There are no reviews yet. Be the first to send feedback to the community and the maintainers!

Repository Details

A simple Python interface for Darius Kazemi's Corpora Project.

pycorpora

https://travis-ci.org/aparrish/pycorpora.svg?branch=master

A simple Python interface for Darius Kazemi's Corpora Project, "a collection of static corpora (plural of 'corpus') that are potentially useful in the creation of weird internet stuff." The pycorpora interface makes it easy to use data from the Corpora Project in your program. Here's an example of how it works:

import pycorpora
import random

# print a random flower name
print random.choice(pycorpora.plants.flowers['flowers'])

# print a random word coined by Shakespeare
print random.choice(pycorpora.words.literature.shakespeare_words['words'])

Allison Parrish created the pycorpora interface. The source code for the package is on GitHub. Contributions are welcome!

Installation

Installation by hand:

python setup.py install

Installation with pip:

pip install --no-cache-dir pycorpora

The package does not include data from the Corpora Project; instead, the data is downloaded when the package is installed (using either of the methods above). By default, the "master" branch of the Corpora Project GitHub repository is used as the source for the data. You can specify an alternative URL to download the data from using the argument --corpora-zip-url on the command line with either of the two methods above:

python setup.py install --corpora-zip-url=https://github.com/dariusk/corpora/archive/master.zip

... or, with pip:

pip install pycorpora --install-option="--corpora-zip-url=https://github.com/dariusk/corpora/archive/master.zip"

Alternatively, the CORPORA_ZIP_URL environment variable can be used for the same purpose (if both are set, the command line option will take precedence):

env CORPORA_ZIP_URL=https://github.com/dariusk/corpora/archive/master.zip pip install pycorpora

(The intention of --corpora-zip-url is to let you install Corpora Project data from a particular branch, commit or fork, so that changes to the bleeding edge of the project don't break your code. Also, a file:// URL can be used for a local/vendored zip file.)

Update

Update Corpora Project data by reinstalling with pip:

pip install --upgrade --force-reinstall pycorpora

Usage

Getting the data from a particular Corpora Project file is easy. Here's an example:

import pycorpora
crayola_data = pycorpora.colors.crayola
print crayola_data["colors"][0]["color"] # prints "Almond"
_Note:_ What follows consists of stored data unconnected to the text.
(* H is bounded above on cubes, by induction on the number k of coordinates
   that may be nonzero: a vector supported on the first k+1 coordinates is
   the midpoint of twice its truncation to the first k coordinates and twice
   its k-th coordinate part, which lies on a segment. *)
Lemma convex_cube_bound (k : nat) rho : exists B, forall p : vec n,
  (forall i, Rabs (p i) <= rho) -> (forall i : 'I_n, leq k i -> p i = 0) ->
  H p <= B.
Proof.
elim: k rho => [|k IH] rho.
  exists (H vzero) => p _ p0.
  have -> : p = vzero by apply: functional_extensionality => i; apply: p0.
  exact: Rle_refl.
have [kn|nk] := ltnP k n; last first.
  have [B HB] := IH rho; exists B => p p_rho p0; apply: HB => // i ki.
  by move: (leq_trans nk ki); rewrite leqNgt ltn_ord.
have [B HB] := IH (2 * rho).
set e : vec n := fun i => if nat_of_ord i == k then 1 else 0.
set a := 2 * Rabs rho + 1.
have a_pos : 0 < a by have := Rabs_pos rho; rewrite /a; lra.
exists (/2 * B + (1 - /2) * Rmax (H (vscale a e)) (H (vscale (- a) e))).
move=> p p_rho p0.
set q : vec n := fun i => if leq i.+1 k then p i else 0.
set pk := p (Ordinal kn).
have half : 0 <= /2 <= 1 by lra.
have -> : p = vadd (vscale (/2) (vscale 2 q)) (vscale (1 - /2) (vscale (2 * pk) e)).
  apply: functional_extensionality => i; rewrite /vadd /vscale /q /e /pk.
  case: ltngtP => ik; first by field.
    by rewrite p0 //; field.
  have -> : i = Ordinal kn by apply: val_inj.
  field.
apply: Rle_trans (H_conv _ _ half) _.
apply: Rplus_le_compat; apply: Rmult_le_compat_l; try lra.
  apply: HB => i; rewrite /vscale /q; last by move=> ki; rewrite ltnNge ki /=; ring.
  case: (leq i.+1 k); last by rewrite Rmult_0_r Rabs_R0; have := p_rho i; have := Rabs_pos (p i); lra.
  by rewrite Rabs_mult Rabs_pos_eq; [have := p_rho i; lra | lra].
apply: convex_segment_bound => //.
rewrite Rabs_mult (Rabs_pos_eq 2); last lra.
by have := p_rho (Ordinal kn); have := Rle_abs rho; rewrite /pk /a; lra.
Qed.

Lemma convex_ball_bound r : exists B, forall p, vnorm p <= r -> H p <= B.
Proof.
have [B HB] := convex_cube_bound n r.
exists B => p p_r; apply: HB => [i | i]; first exact: Rle_trans (coord_le p i) p_r.
by rewrite leqNgt ltn_ord.
Qed.

Lemma convex_midpoint_lower p : 2 * H vzero - H (vscale (-1) p) <= H p.
Proof.
have half : 0 <= /2 <= 1 by lra.
have := H_conv p (vscale (-1) p) half.
have -> : vadd (vscale (/2) p) (vscale (1 - /2) (vscale (-1) p)) = vzero.
  by apply: functional_extensionality => i; rewrite /vadd /vscale /vzero; field.
lra.
Qed.

Hypothesis H_coer : one_coercive H.

(* The affine functions p |-> v.p - H p are bounded above uniformly for v in
   a ball: far away coercivity dominates, nearby H is bounded below. *)
Lemma legendre_set_bound b : exists C, forall v p, vnorm v <= b -> dot v p - H p <= C.
Proof.
have [r far_growth] := H_coer b.
have [B HB] := convex_ball_bound (Rabs r).
exists (Rmax 0 (b * Rabs r - 2 * H vzero + B)) => v p v_b.
have := Rmax_l 0 (b * Rabs r - 2 * H vzero + B).
have := Rmax_r 0 (b * Rabs r - 2 * H vzero + B).
have b_ge0 : 0 <= b by have := vnorm_ge0 v; lra.
have dot_vp : dot v p <= b * vnorm p.
  apply: Rle_trans (dot_le v p) _.
  by apply: Rmult_le_compat_r; first exact: vnorm_ge0.
have [far | near] := Rle_lt_dec r (vnorm p); first by have := far_growth p far; lra.
have H_below := convex_midpoint_lower p.
have H_opp : H (vscale (-1) p) <= B.
  apply: HB; rewrite vnorm_scale Rabs_Ropp Rabs_R1 Rmult_1_l.
  by have := Rle_abs r; lra.
have : b * vnorm p <= b * Rabs r.
  by apply: Rmult_le_compat_l => //; have := Rle_abs r; lra.
lra.
Qed.

(* The value of the Legendre transform, which is finite under (H1). *)
Definition legendre_val (v : vec n) : R :=
  match legendre H v with Some s => s | None => 0 end.

Lemma legendre_finite v : legendre H v = Some (legendre_val v) /\
  (forall p, dot v p - H p <= legendre_val v) /\
  (forall c, (forall p, dot v p - H p <= c) -> legendre_val v <= c).
Proof.
have bounded : bound (legendre_set H v).
  by have [C HC] := legendre_set_bound (vnorm v); exists C => r [p ->]; apply: HC; lra.
rewrite /legendre_val /legendre.
case: excluded_middle_informative => [bounded'|//].
case: completeness => s [ub least] /=.
split; [by [] | split => [p | c Hc]]; first by apply: ub; exists p.
by apply: least => r [p ->]; apply: Hc.
Qed.

Lemma legendre_val_upper b : exists C, forall v, vnorm v <= b -> legendre_val v <= C.
Proof.
have [C HC] := legendre_set_bound b.
by exists C => v v_b; apply: (legendre_finite v).2.2 => p; apply: HC.
Qed.

(* Superlinear growth of H^*: if H <= B on the ball of radius M then
   H^*(w) >= M |w| - B, tested with p = M w / |w|. *)
Lemma legendre_val_lower M B w : 0 <= M -> (forall p, vnorm p <= M -> H p <= B) ->
  M * vnorm w - B <= legendre_val w.
Proof.
move=> M_ge0 HB; have affine_le := (legendre_finite w).2.1.
have [w_pos | w0] := Rle_lt_or_eq_dec 0 (vnorm w) (vnorm_ge0 w); last first.
  by have := affine_le vzero; have := HB vzero; rewrite vnorm_zero dot_zeror -w0; lra.
set p := vscale (M / vnorm w) w.
have p_M : vnorm p = M.
  rewrite /p vnorm_scale Rabs_pos_eq; first by field; lra.
  by apply: Rmult_le_pos => //; apply/Rlt_le/Rinv_0_lt_compat.
have wp : dot w p = M * vnorm w by rewrite /p dot_scaler -vnorm_sq; field; lra.
by have := affine_le p; have := HB p (Req_le _ _ p_M); lra.
Qed.

End ConvexFunction.

Definition lipschitz_minorant n (J : vec n -> ereal) (x : vec n) (jx A L : R) : Prop :=
  forall y jy, J y = Some jy -> jx - A - L * vnorm (vsub y x) <= jy.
The expression pycorpora.colors.crayola returns data deserialized from the JSON file located at data/colors/crayola.json in the Corpora Project (i.e., this file). You can use this syntax even with more deeply nested subdirectories:

import pycorpora
mr_men_little_miss_data = pycorpora.words.literature.mr_men_little_miss
print mr_men_little_miss_data["little_miss"][-1] # prints "Wise"

You can use from pycorpora import ... to import a particular Corpora Project category:

from pycorpora import governments
print governments.nsa_projects["codenames"][0] # prints "ARTIFICE"

from pycorpora import humans
print humans.occupations["occupations"][0] # prints "accountant"

You can also use square bracket indexing instead of attributes for accessing subcategories and individual corpora (just in case the Corpora Project ever adds files with names that aren't valid Python identifiers):

import pycorpora
import random
fruits = pycorpora.foods["fruits"]
print random.choice(fruits["fruits"]) # prints "pomelo" maybe

Additionally, pycorpora supports an API similar to that provided by the Corpora Project node package:

import pycorpora

# get a list of all categories
pycorpora.get_categories() # ["animals", "archetypes"...]

# get a list of subcategories for a particular category
pycorpora.get_categories("words") # ["literature", "word_clues"...]

# get a list of all files in a particular category
pycorpora.get_files("animals") # ["birds_antarctica", "birds_uk", ...]

# get data deserialized from the JSON data in a particular file
pycorpora.get_file("animals", "birds_antarctica") # returns dict w/data

# get file in a subcategory
pycorpora.get_file("words/literature", "shakespeare_words")

As an extension of this interface, you can also use the get_categories, get_files and get_file methods on individual categories:

import pycorpora

# get a list of files in the "archetypes" category
pycorpora.archetypes.get_files() # ['artifact', 'character', 'event', ...]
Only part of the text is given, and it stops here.